Data to examine:
Segment Open

Lemma stableP p e : stable p e <-> forall v, ker (p ^+ e) v <-> ker (p ^+ e.+1) v.
Proof.
split=> [p_st v | p_eq v /p_eq //]; split; last exact: p_st.
by apply: Ker_dvdp; rewrite dvdp_exp2l.
Qed.

Lemma stable_eqp p q e : p %= q -> stable p e -> stable q e.
Proof.
move=> pq p_st v qv; apply/(Ker_eqp _ (eqp_exp e pq)); apply: p_st.
by apply/(Ker_eqp _ (eqp_exp e.+1 pq)).
Qed.

Lemma stable_KerX p e k v : stable p e -> (e <= k)%N -> ker (p ^+ k) v -> ker (p ^+ e) v.
Proof.
move=> p_st /subnK <-; elim: (k - e)%N v => // d IH v.
rewrite /Ker addSnnS addnC exprD polyendM => /p_st.
by rewrite /Ker -polyendM -exprD addnC; apply: IH.
Qed.

Lemma stable_le p e e' : stable p e -> (e <= e')%N -> stable p e'.
Proof.
move=> p_st le_e v /(stable_KerX p_st (leqW le_e)).
by apply: Ker_dvdp; rewrite dvdp_exp2l.
Qed.

Lemma stable_cofactor p e g1 : irreducible_poly p -> ~~ (p %| g1) ->
  (forall v, ker (p ^+ e * g1 * p) v -> ker (p ^+ e * g1) v) <-> stable p e.
Proof.
move=> p_irr p_ng1; split=> [sub v pv | p_st v].
  have g_v : ker (p ^+ e * g1) v.
    by apply: sub; rewrite /Ker mulrAC -exprSr mulrC polyendM pv linear0.
  have p_g1 : coprimep p g1 by rewrite irreducible_poly_coprime.
  apply: (Ker_coprime_mul p_g1); first by rewrite -exprS.
  by rewrite mulrC.
by rewrite /Ker mulrAC -exprSr !polyendM => /p_st.
Qed.

Lemma Ker_mul_sub_irredp g c : c != 0 ->
    (forall p, irreducible_poly p -> p %| c -> forall v, ker (g * p) v -> ker g v) ->
  forall v, ker (g * c) v -> ker g v.
Proof.
elim/poly_size_ind: c => c IH c0 c_sub v.
have [c_le1 | c_gt1] := leqP (size c) 1.
  have /size_poly1P[k k0 ->] : size c == 1%N by rewrite eqn_leq c_le1 size_poly_gt0.
  rewrite /Ker mulrC polyendM polyendC => /eqP.
  by rewrite scaler_eq0 (negPf k0) => /eqP.
have [p p_irr p_c] := exists_irredp_dvdp c_gt1.
have c'0 : c %/ p != 0.
  by apply: contraNneq c0 => c'0; rewrite -(divpK p_c) c'0 mul0r eqxx.
rewrite -(divpK p_c) mulrA /Ker mulrAC polyendM => /(c_sub p p_irr p_c).
rewrite /Ker -polyendM; apply: IH (size_divp_irredp p_irr c0) c'0 _ v.
move=> q q_irr q_c'; apply: c_sub q_irr _.
exact: dvdp_trans q_c' (divp_dvd p_c).
Qed.

Lemma Ker_sub_dvdp g x : g %| x ->
  (forall v, ker x v -> ker g v) <->
  (x = 0 -> annihilates g) /\ (forall p e, stab_condition g x p e -> stable p e).
Proof.
move=> g_x; have [-> | x0] := eqVneq x 0.
  split=> [sub | [ann _] v _]; last exact: ann.
  split=> [_ v | p e []]; last by rewrite eqxx.
  by apply: sub; rewrite /Ker polyend0.
have g0 : g != 0 by apply: contraTneq g_x => ->; rewrite dvd0p.
have c0 : x %/ g != 0 by apply: contraNneq x0 => c0; rewrite -(divpKC g_x) c0 mulr0.
split=> [sub | [_ st] v].
  split=> [x00 | p e [_ p_irr p_c [g1 gE p_ng1]]]; first by rewrite x00 eqxx in x0.
  apply/(stable_cofactor e p_irr p_ng1); rewrite -gE => v gp_v; apply: sub.
  by apply: Ker_dvdp gp_v; rewrite -(divpKC g_x) dvdp_mul2l.
rewrite -{1}(divpKC g_x); apply: Ker_mul_sub_irredp c0 _ v => p p_irr p_c.
have [e [g1 gE p_ng1]] := irredp_power_decomp p_irr g0.
rewrite gE; apply/(stable_cofactor e p_irr p_ng1); apply: st.
by split=> //; exists g1.
Qed.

Segment Closed

Directions for this task: Go through the listing and copy each line that includes the string "forall".

Response to this exercise:
Lemma stableP p e : stable p e <-> forall v, ker (p ^+ e) v <-> ker (p ^+ e.+1) v.
  (forall v, ker (p ^+ e * g1 * p) v -> ker (p ^+ e * g1) v) <-> stable p e.
    (forall p, irreducible_poly p -> p %| c -> forall v, ker (g * p) v -> ker g v) ->
  forall v, ker (g * c) v -> ker g v.
  (forall v, ker x v -> ker g v) <->
  (x = 0 -> annihilates g) /\ (forall p e, stab_condition g x p e -> stable p e).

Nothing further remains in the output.